Work to be completed:
Every line in the listing below from the one with "rewrite sum_nat_pairs (eq_bigr" through the one with "have : \sum_(0" is to be reproduced exactly, both ends included; leave out the rest.
Segment Start: Recorded data
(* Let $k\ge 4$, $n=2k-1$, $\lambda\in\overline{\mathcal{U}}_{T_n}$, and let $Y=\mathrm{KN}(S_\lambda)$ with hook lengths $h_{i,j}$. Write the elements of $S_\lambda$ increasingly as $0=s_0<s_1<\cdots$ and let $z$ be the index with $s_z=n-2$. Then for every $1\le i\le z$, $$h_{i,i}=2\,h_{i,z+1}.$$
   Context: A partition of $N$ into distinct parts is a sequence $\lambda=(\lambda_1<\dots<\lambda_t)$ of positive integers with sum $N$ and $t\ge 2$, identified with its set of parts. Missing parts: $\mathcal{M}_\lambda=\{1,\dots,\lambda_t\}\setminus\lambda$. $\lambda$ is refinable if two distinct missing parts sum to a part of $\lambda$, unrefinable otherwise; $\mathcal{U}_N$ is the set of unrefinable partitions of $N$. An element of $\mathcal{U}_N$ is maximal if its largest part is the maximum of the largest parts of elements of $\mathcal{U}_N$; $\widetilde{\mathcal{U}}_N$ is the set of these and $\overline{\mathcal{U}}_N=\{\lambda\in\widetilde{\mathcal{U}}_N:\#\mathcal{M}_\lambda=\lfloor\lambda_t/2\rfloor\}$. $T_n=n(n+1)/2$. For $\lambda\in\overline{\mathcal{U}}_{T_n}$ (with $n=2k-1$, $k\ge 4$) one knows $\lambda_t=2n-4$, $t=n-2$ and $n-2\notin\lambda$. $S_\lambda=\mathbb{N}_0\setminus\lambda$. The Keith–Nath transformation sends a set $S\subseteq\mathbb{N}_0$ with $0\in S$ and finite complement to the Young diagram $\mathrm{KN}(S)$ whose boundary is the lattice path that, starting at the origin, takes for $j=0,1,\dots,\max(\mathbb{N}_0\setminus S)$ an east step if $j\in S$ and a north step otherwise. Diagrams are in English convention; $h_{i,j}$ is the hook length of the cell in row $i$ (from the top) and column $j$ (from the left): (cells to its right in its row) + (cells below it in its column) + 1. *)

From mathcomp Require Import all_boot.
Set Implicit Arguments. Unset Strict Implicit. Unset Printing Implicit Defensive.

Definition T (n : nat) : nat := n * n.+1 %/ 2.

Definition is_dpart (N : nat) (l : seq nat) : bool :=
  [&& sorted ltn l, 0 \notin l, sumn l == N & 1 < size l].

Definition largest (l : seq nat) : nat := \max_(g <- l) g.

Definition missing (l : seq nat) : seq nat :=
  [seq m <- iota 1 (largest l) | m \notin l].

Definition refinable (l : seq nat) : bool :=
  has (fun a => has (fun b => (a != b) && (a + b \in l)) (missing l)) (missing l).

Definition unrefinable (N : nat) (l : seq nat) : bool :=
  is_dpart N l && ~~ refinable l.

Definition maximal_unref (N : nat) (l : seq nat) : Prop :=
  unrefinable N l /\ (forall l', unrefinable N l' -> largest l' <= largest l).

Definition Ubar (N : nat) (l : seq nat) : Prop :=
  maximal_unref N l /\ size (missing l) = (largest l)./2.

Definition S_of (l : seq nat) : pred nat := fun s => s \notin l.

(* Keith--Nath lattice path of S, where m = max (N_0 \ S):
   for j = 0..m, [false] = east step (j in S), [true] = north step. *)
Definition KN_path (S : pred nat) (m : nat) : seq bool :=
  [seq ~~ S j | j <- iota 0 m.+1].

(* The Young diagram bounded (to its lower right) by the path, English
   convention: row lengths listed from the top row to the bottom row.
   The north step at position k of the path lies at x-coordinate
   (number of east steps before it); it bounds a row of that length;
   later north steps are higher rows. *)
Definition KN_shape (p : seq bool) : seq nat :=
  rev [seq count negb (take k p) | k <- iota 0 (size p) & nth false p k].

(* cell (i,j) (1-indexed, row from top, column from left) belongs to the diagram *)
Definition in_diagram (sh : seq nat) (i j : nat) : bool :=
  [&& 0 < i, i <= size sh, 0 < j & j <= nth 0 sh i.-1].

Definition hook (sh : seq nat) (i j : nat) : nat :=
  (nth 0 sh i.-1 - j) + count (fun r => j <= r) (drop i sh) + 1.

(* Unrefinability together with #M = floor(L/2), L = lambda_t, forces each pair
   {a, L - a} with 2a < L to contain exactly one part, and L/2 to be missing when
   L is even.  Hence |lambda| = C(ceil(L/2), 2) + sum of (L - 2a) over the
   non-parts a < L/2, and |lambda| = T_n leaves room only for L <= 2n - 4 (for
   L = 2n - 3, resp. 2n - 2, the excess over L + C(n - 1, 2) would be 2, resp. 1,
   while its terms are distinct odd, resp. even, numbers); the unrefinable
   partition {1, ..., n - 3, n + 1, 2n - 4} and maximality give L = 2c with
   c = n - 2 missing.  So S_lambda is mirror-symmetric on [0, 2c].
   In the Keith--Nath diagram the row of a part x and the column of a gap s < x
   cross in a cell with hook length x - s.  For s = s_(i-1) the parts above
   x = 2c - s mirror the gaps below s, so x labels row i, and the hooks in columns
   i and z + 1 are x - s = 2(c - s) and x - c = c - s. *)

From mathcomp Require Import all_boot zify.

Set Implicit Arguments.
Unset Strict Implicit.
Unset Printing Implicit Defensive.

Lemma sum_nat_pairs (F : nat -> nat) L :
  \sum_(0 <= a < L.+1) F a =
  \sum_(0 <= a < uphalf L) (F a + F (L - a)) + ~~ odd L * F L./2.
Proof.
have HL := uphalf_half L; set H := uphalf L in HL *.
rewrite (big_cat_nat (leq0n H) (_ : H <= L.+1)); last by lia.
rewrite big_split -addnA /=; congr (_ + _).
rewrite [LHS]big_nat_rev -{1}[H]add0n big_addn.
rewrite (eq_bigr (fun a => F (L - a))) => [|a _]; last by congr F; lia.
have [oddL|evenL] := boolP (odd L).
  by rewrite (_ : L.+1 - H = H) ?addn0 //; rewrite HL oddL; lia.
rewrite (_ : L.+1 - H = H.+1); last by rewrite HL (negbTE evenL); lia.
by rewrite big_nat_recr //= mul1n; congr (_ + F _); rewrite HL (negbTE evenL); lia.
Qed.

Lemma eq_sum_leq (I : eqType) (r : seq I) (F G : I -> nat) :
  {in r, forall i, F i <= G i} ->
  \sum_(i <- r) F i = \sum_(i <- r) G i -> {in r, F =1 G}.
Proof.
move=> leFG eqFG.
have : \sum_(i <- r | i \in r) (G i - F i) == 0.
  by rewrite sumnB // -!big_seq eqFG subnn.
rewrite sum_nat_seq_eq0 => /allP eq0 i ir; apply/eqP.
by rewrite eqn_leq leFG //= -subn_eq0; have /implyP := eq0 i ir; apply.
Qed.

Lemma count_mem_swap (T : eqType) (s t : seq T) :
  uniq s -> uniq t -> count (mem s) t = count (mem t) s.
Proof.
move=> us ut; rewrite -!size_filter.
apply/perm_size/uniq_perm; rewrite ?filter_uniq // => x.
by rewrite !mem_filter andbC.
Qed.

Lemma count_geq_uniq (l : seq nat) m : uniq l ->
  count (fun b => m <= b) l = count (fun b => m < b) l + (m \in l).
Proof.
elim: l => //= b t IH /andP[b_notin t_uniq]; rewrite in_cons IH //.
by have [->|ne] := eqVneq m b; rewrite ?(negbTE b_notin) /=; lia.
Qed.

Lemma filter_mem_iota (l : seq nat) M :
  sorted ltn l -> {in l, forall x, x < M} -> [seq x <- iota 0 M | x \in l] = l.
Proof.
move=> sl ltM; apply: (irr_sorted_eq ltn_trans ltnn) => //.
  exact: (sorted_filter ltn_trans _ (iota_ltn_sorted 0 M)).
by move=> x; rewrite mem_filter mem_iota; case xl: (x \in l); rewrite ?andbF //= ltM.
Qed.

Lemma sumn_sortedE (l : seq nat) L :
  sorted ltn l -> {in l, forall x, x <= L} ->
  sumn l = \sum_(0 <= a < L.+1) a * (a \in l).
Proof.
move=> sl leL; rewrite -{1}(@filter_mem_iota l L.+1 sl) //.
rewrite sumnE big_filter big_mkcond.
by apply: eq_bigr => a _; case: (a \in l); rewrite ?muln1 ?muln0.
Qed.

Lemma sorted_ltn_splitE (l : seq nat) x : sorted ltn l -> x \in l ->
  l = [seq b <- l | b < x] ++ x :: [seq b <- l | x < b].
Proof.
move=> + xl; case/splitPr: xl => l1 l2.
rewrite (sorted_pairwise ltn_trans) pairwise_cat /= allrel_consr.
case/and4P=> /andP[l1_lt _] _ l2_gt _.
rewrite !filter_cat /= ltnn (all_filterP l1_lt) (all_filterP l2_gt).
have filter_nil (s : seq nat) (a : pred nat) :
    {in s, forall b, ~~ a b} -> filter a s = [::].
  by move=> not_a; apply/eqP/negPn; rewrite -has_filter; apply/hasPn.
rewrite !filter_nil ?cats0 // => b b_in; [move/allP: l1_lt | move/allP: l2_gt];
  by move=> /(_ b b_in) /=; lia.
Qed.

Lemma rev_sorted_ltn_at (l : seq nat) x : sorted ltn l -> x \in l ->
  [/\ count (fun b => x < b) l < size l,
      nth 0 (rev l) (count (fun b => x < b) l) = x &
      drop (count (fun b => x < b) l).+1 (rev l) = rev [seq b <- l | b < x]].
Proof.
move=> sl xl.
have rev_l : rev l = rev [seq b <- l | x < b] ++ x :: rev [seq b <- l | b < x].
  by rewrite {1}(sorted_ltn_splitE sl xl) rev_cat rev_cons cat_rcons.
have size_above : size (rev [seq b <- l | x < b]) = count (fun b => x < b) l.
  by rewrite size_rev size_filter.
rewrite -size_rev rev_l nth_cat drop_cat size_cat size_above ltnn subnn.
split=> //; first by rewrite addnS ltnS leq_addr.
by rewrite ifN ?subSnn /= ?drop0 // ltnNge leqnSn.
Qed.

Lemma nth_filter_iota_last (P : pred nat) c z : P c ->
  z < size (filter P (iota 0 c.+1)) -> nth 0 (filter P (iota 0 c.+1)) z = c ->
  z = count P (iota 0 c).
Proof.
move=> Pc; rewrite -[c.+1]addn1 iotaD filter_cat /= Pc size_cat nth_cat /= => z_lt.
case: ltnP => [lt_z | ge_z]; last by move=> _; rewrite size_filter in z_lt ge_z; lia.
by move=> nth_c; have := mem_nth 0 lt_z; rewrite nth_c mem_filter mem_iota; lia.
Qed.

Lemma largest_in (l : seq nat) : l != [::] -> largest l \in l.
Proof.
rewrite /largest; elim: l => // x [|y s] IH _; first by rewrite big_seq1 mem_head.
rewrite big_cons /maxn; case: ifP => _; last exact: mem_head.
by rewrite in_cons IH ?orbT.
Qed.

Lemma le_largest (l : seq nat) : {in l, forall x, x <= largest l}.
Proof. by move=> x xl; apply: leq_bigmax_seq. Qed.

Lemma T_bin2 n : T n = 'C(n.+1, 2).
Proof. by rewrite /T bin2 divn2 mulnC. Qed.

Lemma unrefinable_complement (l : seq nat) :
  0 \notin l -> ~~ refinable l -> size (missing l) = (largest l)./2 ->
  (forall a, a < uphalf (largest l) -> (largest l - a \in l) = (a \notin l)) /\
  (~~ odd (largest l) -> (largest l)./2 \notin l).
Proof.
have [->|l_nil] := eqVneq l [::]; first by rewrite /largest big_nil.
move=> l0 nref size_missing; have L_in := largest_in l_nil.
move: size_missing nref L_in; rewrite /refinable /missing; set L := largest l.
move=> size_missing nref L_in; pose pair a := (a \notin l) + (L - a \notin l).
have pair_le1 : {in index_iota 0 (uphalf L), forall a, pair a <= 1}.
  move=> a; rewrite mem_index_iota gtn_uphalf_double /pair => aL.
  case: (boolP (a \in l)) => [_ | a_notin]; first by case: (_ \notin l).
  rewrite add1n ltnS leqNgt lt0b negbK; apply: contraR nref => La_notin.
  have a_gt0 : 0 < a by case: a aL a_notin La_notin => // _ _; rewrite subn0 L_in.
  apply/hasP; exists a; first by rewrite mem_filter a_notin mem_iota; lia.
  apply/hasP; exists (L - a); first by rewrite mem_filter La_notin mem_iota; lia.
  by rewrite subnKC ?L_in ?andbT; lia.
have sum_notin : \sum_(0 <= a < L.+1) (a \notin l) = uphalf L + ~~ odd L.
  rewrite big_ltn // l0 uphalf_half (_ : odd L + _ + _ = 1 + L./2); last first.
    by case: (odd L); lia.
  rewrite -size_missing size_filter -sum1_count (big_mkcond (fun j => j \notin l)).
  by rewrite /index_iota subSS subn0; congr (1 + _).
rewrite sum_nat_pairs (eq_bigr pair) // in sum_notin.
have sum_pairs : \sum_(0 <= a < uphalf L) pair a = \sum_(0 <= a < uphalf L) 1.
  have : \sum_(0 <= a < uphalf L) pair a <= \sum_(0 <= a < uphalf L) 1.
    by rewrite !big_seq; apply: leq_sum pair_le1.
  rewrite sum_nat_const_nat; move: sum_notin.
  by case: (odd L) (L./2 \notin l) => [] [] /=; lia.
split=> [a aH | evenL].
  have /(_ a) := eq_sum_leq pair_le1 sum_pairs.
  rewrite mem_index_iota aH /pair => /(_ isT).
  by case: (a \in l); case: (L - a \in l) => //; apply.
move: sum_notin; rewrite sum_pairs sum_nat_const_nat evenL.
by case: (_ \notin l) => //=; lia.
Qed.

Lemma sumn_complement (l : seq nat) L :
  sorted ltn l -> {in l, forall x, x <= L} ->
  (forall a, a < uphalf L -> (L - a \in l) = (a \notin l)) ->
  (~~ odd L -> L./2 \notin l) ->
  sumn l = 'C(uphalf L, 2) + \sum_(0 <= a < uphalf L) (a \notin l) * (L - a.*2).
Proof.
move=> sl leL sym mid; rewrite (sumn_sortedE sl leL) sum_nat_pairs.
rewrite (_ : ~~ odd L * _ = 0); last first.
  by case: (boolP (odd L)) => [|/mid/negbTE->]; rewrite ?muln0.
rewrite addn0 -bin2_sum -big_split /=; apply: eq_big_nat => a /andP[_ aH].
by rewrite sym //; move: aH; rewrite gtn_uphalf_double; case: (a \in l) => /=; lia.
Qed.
Segment End: Recorded data
Segment Start: Recorded data
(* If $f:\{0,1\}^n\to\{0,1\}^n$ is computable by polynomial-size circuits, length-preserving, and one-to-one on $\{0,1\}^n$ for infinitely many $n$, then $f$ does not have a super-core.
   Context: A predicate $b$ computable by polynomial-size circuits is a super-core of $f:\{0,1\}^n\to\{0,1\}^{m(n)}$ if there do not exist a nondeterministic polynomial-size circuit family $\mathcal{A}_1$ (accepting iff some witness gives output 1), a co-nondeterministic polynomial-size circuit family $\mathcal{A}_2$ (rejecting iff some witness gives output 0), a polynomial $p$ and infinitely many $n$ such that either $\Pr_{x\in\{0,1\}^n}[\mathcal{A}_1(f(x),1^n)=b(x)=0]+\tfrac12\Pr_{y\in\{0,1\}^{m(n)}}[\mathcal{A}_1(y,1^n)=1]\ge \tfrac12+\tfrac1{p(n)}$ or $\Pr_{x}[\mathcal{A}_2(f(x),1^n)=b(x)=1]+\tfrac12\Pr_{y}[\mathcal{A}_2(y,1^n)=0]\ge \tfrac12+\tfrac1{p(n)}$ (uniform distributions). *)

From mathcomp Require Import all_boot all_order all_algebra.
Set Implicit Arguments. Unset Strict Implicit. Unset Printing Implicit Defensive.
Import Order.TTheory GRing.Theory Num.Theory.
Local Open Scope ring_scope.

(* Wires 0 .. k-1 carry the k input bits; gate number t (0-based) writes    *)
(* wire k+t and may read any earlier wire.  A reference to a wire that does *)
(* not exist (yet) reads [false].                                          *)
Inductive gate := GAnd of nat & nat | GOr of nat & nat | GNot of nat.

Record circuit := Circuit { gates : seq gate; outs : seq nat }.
Segment End: Recorded data
Segment Start: Recorded data
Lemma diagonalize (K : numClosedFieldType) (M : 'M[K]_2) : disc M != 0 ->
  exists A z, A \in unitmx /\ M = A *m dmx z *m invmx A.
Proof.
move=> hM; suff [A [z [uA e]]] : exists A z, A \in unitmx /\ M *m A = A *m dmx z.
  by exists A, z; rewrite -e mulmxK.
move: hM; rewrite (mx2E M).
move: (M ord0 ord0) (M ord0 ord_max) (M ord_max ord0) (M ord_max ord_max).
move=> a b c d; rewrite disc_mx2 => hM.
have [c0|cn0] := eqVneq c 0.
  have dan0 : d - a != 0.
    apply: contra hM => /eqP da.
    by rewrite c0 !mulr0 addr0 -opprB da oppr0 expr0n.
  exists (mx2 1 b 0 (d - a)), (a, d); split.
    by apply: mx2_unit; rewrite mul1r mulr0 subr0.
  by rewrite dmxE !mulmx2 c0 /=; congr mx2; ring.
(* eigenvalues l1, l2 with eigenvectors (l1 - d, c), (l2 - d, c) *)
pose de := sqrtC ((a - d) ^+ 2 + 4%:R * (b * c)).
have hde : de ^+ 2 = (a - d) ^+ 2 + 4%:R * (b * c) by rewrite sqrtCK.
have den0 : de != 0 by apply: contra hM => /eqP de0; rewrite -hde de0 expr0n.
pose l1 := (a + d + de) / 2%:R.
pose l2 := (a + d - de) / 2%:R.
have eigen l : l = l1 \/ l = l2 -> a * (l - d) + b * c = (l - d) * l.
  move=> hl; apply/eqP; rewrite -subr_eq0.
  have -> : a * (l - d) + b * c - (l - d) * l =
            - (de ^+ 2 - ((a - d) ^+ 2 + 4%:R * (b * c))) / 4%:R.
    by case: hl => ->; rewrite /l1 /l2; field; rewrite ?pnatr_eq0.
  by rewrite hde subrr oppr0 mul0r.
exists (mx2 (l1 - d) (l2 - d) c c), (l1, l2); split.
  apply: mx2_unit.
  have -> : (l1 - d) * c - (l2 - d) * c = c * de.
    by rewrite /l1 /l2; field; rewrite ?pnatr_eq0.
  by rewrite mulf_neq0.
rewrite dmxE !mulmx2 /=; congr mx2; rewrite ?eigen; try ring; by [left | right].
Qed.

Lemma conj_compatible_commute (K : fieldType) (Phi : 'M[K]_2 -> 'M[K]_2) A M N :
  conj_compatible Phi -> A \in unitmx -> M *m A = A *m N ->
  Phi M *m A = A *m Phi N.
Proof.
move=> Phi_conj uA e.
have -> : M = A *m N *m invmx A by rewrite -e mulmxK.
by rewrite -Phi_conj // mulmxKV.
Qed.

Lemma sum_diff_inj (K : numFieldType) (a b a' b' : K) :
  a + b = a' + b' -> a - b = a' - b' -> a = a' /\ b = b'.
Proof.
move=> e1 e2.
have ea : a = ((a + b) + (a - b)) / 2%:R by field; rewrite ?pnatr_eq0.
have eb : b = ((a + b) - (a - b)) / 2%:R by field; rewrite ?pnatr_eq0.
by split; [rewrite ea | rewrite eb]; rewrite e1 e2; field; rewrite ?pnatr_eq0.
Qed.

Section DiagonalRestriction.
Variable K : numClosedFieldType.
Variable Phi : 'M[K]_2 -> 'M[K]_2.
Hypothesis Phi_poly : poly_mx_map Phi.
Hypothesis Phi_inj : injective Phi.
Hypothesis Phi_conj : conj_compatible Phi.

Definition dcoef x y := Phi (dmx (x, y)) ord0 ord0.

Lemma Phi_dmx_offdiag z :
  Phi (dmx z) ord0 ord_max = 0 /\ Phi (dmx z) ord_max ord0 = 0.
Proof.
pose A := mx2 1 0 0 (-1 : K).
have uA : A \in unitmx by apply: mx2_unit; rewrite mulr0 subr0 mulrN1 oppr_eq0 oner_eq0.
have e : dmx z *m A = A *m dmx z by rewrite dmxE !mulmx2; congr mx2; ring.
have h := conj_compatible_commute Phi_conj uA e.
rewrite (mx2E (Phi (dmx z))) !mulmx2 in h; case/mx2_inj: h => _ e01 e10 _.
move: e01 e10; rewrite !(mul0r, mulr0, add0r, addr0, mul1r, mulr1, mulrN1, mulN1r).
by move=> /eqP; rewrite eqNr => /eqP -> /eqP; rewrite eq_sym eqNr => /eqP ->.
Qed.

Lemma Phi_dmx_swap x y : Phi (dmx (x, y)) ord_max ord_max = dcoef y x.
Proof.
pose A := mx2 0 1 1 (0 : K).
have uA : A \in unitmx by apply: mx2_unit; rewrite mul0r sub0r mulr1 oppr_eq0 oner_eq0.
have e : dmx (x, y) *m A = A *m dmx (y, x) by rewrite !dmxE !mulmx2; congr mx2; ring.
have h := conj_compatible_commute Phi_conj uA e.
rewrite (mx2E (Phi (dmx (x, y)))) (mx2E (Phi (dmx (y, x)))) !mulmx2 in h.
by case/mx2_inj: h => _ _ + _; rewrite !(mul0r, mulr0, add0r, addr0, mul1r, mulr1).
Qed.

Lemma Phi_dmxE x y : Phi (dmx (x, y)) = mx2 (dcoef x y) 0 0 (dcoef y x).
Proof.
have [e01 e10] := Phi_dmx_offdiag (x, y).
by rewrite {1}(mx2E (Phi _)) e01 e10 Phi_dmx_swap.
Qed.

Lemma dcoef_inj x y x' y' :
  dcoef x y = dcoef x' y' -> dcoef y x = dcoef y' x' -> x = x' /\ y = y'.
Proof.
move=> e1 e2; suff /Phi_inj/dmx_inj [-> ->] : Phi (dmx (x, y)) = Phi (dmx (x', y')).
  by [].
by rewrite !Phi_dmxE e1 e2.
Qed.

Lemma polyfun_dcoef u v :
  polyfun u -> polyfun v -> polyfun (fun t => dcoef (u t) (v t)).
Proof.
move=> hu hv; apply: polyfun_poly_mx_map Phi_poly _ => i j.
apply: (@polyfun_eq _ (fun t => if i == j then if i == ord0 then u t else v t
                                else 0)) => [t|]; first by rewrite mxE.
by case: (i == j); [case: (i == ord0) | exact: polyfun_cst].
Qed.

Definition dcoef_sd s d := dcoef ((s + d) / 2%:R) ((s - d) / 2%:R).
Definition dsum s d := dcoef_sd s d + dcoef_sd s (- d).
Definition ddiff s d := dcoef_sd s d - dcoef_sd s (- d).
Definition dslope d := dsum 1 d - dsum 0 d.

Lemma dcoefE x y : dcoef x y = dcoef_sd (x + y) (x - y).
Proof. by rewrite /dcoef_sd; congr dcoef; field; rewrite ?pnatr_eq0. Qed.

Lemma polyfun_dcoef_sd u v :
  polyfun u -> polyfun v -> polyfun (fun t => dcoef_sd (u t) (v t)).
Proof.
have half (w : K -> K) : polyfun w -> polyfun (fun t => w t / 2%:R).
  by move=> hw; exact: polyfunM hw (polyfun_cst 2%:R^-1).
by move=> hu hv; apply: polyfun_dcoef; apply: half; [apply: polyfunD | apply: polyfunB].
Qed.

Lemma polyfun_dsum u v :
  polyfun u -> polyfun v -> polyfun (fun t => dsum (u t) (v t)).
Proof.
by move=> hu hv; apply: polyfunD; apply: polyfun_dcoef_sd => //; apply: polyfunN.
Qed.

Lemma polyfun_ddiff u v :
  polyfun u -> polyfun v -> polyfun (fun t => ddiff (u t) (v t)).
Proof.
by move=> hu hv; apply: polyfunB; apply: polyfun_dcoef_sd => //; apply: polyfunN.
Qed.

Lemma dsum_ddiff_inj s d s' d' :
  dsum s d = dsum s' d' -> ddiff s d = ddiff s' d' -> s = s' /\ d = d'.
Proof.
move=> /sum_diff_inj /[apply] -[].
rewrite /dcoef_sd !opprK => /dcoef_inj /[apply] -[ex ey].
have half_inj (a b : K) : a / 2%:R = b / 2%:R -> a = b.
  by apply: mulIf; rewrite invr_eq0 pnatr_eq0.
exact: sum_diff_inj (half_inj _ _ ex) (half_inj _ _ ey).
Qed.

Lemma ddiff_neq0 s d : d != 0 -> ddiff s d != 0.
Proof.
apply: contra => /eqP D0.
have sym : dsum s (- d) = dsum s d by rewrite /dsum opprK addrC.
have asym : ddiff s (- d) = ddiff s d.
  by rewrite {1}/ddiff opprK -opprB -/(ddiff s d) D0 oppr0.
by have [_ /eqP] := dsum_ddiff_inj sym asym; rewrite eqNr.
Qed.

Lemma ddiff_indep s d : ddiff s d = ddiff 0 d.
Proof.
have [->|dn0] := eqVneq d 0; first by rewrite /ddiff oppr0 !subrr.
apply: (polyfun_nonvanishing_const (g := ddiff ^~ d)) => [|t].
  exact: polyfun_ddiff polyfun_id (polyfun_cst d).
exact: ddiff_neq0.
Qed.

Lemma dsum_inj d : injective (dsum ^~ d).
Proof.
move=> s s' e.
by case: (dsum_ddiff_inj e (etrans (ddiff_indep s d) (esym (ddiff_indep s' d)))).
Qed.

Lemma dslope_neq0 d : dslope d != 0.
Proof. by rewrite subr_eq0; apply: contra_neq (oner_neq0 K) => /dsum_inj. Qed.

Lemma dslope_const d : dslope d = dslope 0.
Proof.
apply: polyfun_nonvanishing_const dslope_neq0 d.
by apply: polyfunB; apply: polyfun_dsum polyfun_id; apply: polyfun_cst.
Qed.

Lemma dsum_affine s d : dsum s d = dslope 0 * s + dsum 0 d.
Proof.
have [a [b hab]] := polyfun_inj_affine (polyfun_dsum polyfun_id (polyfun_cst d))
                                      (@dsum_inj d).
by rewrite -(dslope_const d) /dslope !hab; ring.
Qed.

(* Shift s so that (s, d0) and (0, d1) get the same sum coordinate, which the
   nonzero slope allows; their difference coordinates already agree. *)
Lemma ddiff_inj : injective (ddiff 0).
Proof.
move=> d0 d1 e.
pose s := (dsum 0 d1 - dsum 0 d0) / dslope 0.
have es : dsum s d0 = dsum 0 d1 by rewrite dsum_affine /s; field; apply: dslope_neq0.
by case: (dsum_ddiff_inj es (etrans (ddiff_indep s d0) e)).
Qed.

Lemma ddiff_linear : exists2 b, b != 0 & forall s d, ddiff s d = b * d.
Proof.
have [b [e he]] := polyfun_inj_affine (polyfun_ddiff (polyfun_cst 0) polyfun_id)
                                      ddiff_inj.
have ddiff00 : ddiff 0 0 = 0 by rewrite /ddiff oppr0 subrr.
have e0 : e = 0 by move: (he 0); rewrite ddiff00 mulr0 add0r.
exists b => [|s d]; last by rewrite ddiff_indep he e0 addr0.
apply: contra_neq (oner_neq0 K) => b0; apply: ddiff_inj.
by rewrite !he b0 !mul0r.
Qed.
Segment End: Recorded data
Answer box:
rewrite sum_nat_pairs (eq_bigr pair) // in sum_notin.
have sum_pairs : \sum_(0 <= a < uphalf L) pair a = \sum_(0 <= a < uphalf L) 1.
  have : \sum_(0 <= a < uphalf L) pair a <= \sum_(0 <= a < uphalf L) 1.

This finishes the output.